On Thu, Jun 27, 2019 at 10:48 AM Steve Richfield <[email protected]>
wrote:

> There seems to be a sort of universal confusion between "computer",
> digital computer", "stored program computer", et al.
>
> My very first computer program composed rock and roll melodies on a
> Borroughs E-101. It was a plugboard programmed electromechanical digital
> computer with no stored program.
>
> It WAS a computer, though not the sort that most folks here are used to
> dealing with.
>
>
 I would say it was 'computation' carried out on the basis of the physics
of the plugboard components. The 'program' or 'model', like that in
analog/neuromorphic computers, is hardwired and implicit. The variability
of parameters is in the adjustability in the suite of components available
to plug together.

My dad bought an ARP keyboard synthesiser in the 1970s. It was fantastic
fun. Same concept of plug-able interconnects. The same kind of
'computation' done on the basis of a known set of base functions (various
oscillators and modulation techniques). Computation of a model.

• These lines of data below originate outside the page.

Lemma sumR_le n f g : (forall k, (k < n)%nat -> f k <= g k) -> sumR n f <= sumR n g.
Proof.
  induction n; simpl; intros H; [lra|].
  assert (sumR n f <= sumR n g) by (apply IHn; intros; apply H; lia).
  specialize (H n (Nat.lt_succ_diag_r n)). lra.
Qed.

Lemma sumR_const n c : sumR n (fun _ => c) = INR n * c.
Proof. induction n; simpl sumR; [simpl; lra|]. rewrite IHn, S_INR; lra. Qed.

Lemma sumR_zero n f : (forall k, (k < n)%nat -> f k = 0) -> sumR n f = 0.
Proof. intros H. rewrite (sumR_ext n f (fun _ => 0)) by auto. rewrite sumR_const; lra. Qed.

Lemma sumR_swap n m (f : nat -> nat -> R) :
  sumR n (fun j => sumR m (fun k => f j k)) = sumR m (fun k => sumR n (fun j => f j k)).
Proof.
  induction n; simpl.
  - symmetry; apply sumR_zero; auto.
  - rewrite IHn, <- sumR_plus. reflexivity.
Qed.

Lemma sumR_nonneg n f : (forall k, (k < n)%nat -> 0 <= f k) -> 0 <= sumR n f.
Proof.
  intros H. rewrite <- (sumR_zero n (fun _ => 0)) by auto. now apply sumR_le.
Qed.

Lemma sumR_ge_term n f k : (forall j, (j < n)%nat -> 0 <= f j) -> (k < n)%nat -> f k <= sumR n f.
Proof.
  induction n; intros H Hk; simpl; [lia|].
  assert (0 <= sumR n f) by (apply sumR_nonneg; intros; apply H; lia).
  assert (0 <= f n) by (apply H; lia).
  destruct (Nat.eq_dec k n) as [->|Hkn]; [lra|].
  assert (f k <= sumR n f) by (apply IHn; [intros; apply H|]; lia). lra.
Qed.

Lemma sumR_ge_two_terms n f k1 k2 : (forall j, (j < n)%nat -> 0 <= f j) ->
  (k1 < n)%nat -> (k2 < n)%nat -> k1 <> k2 -> f k1 + f k2 <= sumR n f.
Proof.
  induction n; intros H Hk1 Hk2 Hne; simpl; [lia|].
  assert (Hf : forall j, (j < n)%nat -> 0 <= f j) by (intros; apply H; lia).
  assert (0 <= f n) by (apply H; lia).
  destruct (Nat.eq_dec k1 n); [|destruct (Nat.eq_dec k2 n)]; subst.
  - assert (f k2 <= sumR n f) by (apply sumR_ge_term; auto; lia). lra.
  - assert (f k1 <= sumR n f) by (apply sumR_ge_term; auto; lia). lra.
  - assert (f k1 + f k2 <= sumR n f) by (apply IHn; auto; lia). lra.
Qed.

Lemma sumR_ind_zero n b :
  sumR n (fun k => ind (b k)) = 0 <-> forall k, (k < n)%nat -> b k = false.
Proof.
  induction n; simpl; split; intros H.
  - intros; lia.
  - auto.
  - assert (0 <= sumR n (fun k => ind (b k))) by (apply sumR_nonneg; intros; apply ind_range).
    destruct (b n) eqn:Eb; simpl in H; [lra|].
    intros k Hk. destruct (Nat.eq_dec k n); [subst; auto|]. apply IHn; [lra|lia].
  - rewrite (proj2 IHn) by (intros; apply H; lia). rewrite H by lia. simpl; lra.
Qed.

Lemma sumR_ind_INR n (b : nat -> bool) : exists m : nat, sumR n (fun j => ind (b j)) = INR m.
Proof.
  induction n; simpl.
  - exists 0%nat; auto.
  - destruct IHn as [m ->]. destruct (b n); simpl.
    + exists (S m). rewrite S_INR; lra.
    + exists m; lra.
Qed.

Lemma sumR_delta_le n c : sumR n (fun j => ind (Nat.eqb j c)) <= 1.
Proof.
  induction n; simpl; [lra|]. destruct (Nat.eq_dec n c) as [->|Hnc].
  - rewrite Nat.eqb_refl, sumR_zero; simpl; [lra|].
    intros k Hk. rewrite (proj2 (Nat.eqb_neq k c)) by lia; auto.
  - rewrite (proj2 (Nat.eqb_neq n c)) by auto. simpl; lra.
Qed.

Lemma sumR_delta n i : (i < n)%nat -> sumR n (fun j => ind (Nat.eqb j i)) = 1.
Proof.
  intros Hi. apply Rle_antisym; [apply sumR_delta_le|].
  replace 1 with (ind (Nat.eqb i i)) by (rewrite Nat.eqb_refl; auto).
  apply (sumR_ge_term n (fun j => ind (Nat.eqb j i))); auto. intros; apply ind_range.
Qed.

Lemma nplayers_ge1 x n p i : (i < n)%nat -> x i = p -> 1 <= nplayers_at x n p.
Proof.
  intros Hi Hp. unfold nplayers_at. replace 1 with (ind (Reqb (x i) p)).
  - apply (sumR_ge_term n (fun j => ind (Reqb (x j) p))); auto. intros; apply ind_range.
  - rewrite Hp, Reqb_refl; auto.
Qed.

Lemma nplayers_ge2 x n p i k : (i < n)%nat -> (k < n)%nat -> i <> k -> x i = p -> x k = p ->
  2 <= nplayers_at x n p.
Proof.
  intros Hi Hk Hik Hp Hq. unfold nplayers_at.
  pose proof (sumR_ge_two_terms n (fun j => ind (Reqb (x j) p)) i k
               ltac:(intros; apply ind_range) Hi Hk Hik) as H.
  simpl in H. rewrite Hp, Hq, Reqb_refl in H. simpl in H. lra.
Qed.

Lemma nplayers_alone x n i : (i < n)%nat -> (forall k, (k < n)%nat -> k <> i -> x k <> x i) ->
  nplayers_at x n (x i) = 1.
Proof.
  intros Hi Halone. unfold nplayers_at. rewrite <- (sumR_delta n i Hi).
  apply sumR_ext; intros k Hk. destruct (Nat.eq_dec k i) as [->|Hki].
  - rewrite Reqb_refl, Nat.eqb_refl; auto.
  - rewrite (proj2 (Nat.eqb_neq k i)) by auto. rewrite (proj2 (Reqb_false _ _)); auto.
Qed.

Lemma nplayers_le2_cases x n p i : (i < n)%nat -> x i = p -> nplayers_at x n p <= 2 ->
  nplayers_at x n p = 1 \/ nplayers_at x n p = 2.
Proof.
  intros Hi Hp H2. pose proof (nplayers_ge1 x n p i Hi Hp) as H1. unfold nplayers_at in *.
  destruct (sumR_ind_INR n (fun j => Reqb (x j) p)) as [m E]. rewrite E in *.
  assert (1 <= m)%nat by (apply INR_le; simpl; lra).
  assert (m <= 2)%nat by (apply INR_le; simpl; lra).
  assert (m = 1 \/ m = 2)%nat as [->| ->] by lia; simpl; [left|right]; lra.
Qed.

Lemma mind_spec x n y : (1 <= n)%nat ->
  (forall j, (j < n)%nat -> mind x n y <= arcd (x j) y) /\
  exists j, (j < n)%nat /\ mind x n y = arcd (x j) y.
Proof.
  induction n as [|m IH]; intros Hn; [lia|].
  destruct m as [|m'].
  - simpl. split.
    + intros j Hj. assert (j = 0%nat) by lia; subst; lra.
    + exists 0%nat; split; auto.
  - change (mind x (S (S m')) y) with (Rmin (mind x (S m') y) (arcd (x (S m')) y)).
    destruct (IH ltac:(lia)) as [H1 [j [Hj Hj2]]]. split.
    + intros k Hk. destruct (Nat.eq_dec k (S m')) as [->|Hk'].
      * apply Rmin_r.
      * eapply Rle_trans; [apply Rmin_l|apply H1; lia].
    + unfold Rmin; destruct Rle_dec.
      * exists j; split; auto.
      * exists (S m'); split; auto.
Qed.

Lemma first_at_iff x j : first_at x j = true <-> forall k, (k < j)%nat -> x k <> x j.
Proof.
  unfold first_at. rewrite Reqb_true, sumR_ind_zero.
  split; intros H k Hk; specialize (H k Hk); now apply Reqb_false.
Qed.

Lemma count_first_at_absent x n c : (forall k, (k < n)%nat -> x k <> c) ->
  sumR n (fun j => ind (Reqb (x j) c && first_at x j)) = 0.
Proof.
  intros H. apply sumR_zero. intros k Hk.
  rewrite (proj2 (Reqb_false (x k) c)) by auto. reflexivity.
Qed.

Lemma count_first_at_present x n c : (exists k, (k < n)%nat /\ x k = c) ->
  sumR n (fun j => ind (Reqb (x j) c && first_at x j)) = 1.
Proof.
  induction n; intros [k [Hk Hc]]; [lia|]. simpl.
  destruct (classic (exists k, (k < n)%nat /\ x k = c)) as [He|He].
  - rewrite IHn by auto. destruct (Reqb (x n) c) eqn:E; simpl; [|lra].
    apply Reqb_true in E. destruct He as [k' [Hk' Ek']].
    assert (first_at x n = false) as ->.
    { destruct (first_at x n) eqn:F; auto. apply first_at_iff with (k := k') in F; auto.
      congruence. }
    simpl; lra.
  - assert (k = n) as -> by (destruct (Nat.eq_dec k n); auto; exfalso; apply He; exists k; split; auto; lia).
    rewrite count_first_at_absent by (intros k' Hk' E; apply He; eauto).
    rewrite (proj2 (Reqb_true (x n) c)) by auto.
    assert (first_at x n = true) as ->.
    { apply first_at_iff; intros k' Hk' E; apply He; exists k'; split; auto; congruence. }
    simpl; lra.
Qed.

Lemma sum_first_at_nplayers x n :
  sumR n (fun j => ind (first_at x j) * nplayers_at x n (x j)) = INR n.
Proof.
  unfold nplayers_at.
  transitivity (sumR n (fun j => sumR n (fun k => ind (Reqb (x k) (x j) && first_at x j)))).
  { apply sumR_ext; intros j Hj. rewrite <- sumR_scal. apply sumR_ext; intros k Hk.
    destruct (first_at x j), (Reqb (x k) (x j)); simpl; lra. }
  rewrite sumR_swap, <- (Rmult_1_r (INR n)), <- sumR_const.
  apply sumR_ext; intros k Hk.
  rewrite <- (count_first_at_present x n (x k)) by eauto. apply sumR_ext; intros j Hj.
  destruct (Req_dec (x j) (x k)) as [E|E].
  - rewrite E, Reqb_refl. reflexivity.
  - rewrite (proj2 (Reqb_false _ _) E), (proj2 (Reqb_false _ _) (not_eq_sym E)). reflexivity.
Qed.

Fixpoint min_over (P : nat -> bool) (h : nat -> R) (n : nat) : R :=
  match n with
  | O => 2 * PI
  | S k => if P k then Rmin (min_over P h k) (h k) else min_over P h k
  end.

So my distinction is between 'computation' and 'computer'. By computer I
mean what ~100% of AGI folk use: Von_neumann digital. Of course this is a
very limited and poorly defined use of the word. But if you use the word
'computer' out in the real world, to neuroscientists, for example, that is
what the word invokes.

If you trundle over into 'neuromorphic computing' you'll see they almost
universally speak of 'computation' as 'emulation'. As if it isn't confused
enough.

If you and I, after 70 years, can still have an identifiable mismatch in
what we mean when we use the words COMPUTATION and COMPUTER, and clear
differences can be articulated, then we have proved that the science
disciplines involved (neuroscience and computer science) have no proper,
trained, understood, consistent grip on it either. Imagine that, after 70
years. And the entire project's goals are critically dependent on that
consistency. Use the word 'computer' in a paper. Use the word
'computation'. Use either word in an AI/AGI paragraph and then watch the
miscommunication go rife!

if you said 'to do AGI is to use a computer', what are you referring to? I
can build 2 AGI chips based on the brain. A) One with brain physics and B)
one with a digital computer physics computing a model of the brain physics.
Both are arguably 'computation' of some kind. Dress them both in the same
robot suit. *Which is AGI? *If that distinction in any way depends on the
difference in word meaning, the enterprise is in trouble and doesn't know
it.

You'd think that if AGI was properly set up as a profession, there's be no
mismatch in semantics. We'd all know what the words refer to and it would
be consistent.  The time for opinions is long passed.